Wherever the string "move" shows up in the records below, return that line.

Collected data:
##############################

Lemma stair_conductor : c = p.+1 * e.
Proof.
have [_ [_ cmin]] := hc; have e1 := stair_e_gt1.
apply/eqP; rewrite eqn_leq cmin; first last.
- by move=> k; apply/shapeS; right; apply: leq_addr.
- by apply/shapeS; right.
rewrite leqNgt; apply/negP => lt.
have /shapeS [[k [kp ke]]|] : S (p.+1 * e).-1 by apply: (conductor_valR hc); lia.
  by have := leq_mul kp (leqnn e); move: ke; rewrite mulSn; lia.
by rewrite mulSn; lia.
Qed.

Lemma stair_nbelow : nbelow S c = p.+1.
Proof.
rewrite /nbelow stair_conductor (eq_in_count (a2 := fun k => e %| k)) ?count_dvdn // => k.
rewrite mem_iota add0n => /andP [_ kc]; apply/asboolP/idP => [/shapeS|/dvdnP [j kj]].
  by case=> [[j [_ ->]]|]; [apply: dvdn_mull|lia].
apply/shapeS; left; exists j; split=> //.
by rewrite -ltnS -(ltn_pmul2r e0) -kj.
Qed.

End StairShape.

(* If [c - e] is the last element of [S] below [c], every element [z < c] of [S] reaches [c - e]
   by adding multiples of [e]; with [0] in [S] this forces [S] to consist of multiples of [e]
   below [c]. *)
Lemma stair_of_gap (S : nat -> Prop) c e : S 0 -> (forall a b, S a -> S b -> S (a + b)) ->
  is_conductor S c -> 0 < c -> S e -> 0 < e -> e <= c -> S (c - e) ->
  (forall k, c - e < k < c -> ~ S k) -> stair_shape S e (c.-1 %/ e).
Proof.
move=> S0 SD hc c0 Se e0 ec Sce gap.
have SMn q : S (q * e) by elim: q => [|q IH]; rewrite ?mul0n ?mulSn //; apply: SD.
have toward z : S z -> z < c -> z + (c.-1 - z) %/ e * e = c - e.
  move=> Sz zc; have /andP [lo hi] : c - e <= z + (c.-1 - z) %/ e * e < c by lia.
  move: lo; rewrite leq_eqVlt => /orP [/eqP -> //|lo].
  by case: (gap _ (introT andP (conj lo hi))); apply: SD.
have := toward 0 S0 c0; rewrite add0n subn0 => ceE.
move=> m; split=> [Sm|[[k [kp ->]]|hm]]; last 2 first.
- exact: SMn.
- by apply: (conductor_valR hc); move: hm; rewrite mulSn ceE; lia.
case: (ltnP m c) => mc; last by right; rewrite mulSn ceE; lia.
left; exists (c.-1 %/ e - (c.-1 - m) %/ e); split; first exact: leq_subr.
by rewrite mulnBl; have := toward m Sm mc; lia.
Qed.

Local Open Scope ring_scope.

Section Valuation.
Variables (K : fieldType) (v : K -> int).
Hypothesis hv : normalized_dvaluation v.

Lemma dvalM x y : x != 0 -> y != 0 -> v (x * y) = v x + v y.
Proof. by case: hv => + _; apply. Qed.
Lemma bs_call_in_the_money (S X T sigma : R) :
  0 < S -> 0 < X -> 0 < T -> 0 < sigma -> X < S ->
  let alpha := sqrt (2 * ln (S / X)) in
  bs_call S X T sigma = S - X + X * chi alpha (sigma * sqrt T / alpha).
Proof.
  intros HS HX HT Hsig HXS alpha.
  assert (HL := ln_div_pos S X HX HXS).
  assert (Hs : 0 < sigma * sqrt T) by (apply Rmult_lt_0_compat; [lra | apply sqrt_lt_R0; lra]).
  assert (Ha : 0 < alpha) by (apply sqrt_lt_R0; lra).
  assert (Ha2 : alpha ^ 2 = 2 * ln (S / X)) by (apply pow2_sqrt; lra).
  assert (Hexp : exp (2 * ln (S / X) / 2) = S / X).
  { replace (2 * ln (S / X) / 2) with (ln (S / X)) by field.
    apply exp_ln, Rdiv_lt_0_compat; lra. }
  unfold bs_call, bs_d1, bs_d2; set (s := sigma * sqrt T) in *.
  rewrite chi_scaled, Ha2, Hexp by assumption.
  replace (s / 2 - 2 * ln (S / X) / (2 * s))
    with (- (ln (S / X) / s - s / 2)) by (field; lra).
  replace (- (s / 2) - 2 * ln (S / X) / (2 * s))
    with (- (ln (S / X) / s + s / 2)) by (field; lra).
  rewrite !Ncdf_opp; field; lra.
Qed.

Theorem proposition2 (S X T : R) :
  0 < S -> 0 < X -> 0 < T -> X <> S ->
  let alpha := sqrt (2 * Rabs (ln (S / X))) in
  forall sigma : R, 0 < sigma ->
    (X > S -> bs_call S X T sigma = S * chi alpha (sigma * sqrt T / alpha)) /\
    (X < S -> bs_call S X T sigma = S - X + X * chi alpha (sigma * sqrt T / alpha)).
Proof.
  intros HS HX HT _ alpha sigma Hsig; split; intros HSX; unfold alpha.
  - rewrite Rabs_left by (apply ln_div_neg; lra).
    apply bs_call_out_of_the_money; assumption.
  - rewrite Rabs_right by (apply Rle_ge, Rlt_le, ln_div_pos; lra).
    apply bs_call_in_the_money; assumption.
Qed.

##############################

== ANSWER ==
- by move=> k; apply/shapeS; right; apply: leq_addr.
  by have := leq_mul kp (leqnn e); move: ke; rewrite mulSn; lia.
move=> S0 SD hc c0 Se e0 ec Sce gap.
  move=> Sz zc; have /andP [lo hi] : c - e <= z + (c.-1 - z) %/ e * e < c by lia.
  move: lo; rewrite leq_eqVlt => /orP [/eqP -> //|lo].
move=> m; split=> [Sm|[[k [kp ->]]|hm]]; last 2 first.
- by apply: (conductor_valR hc); move: hm; rewrite mulSn ceE; lia.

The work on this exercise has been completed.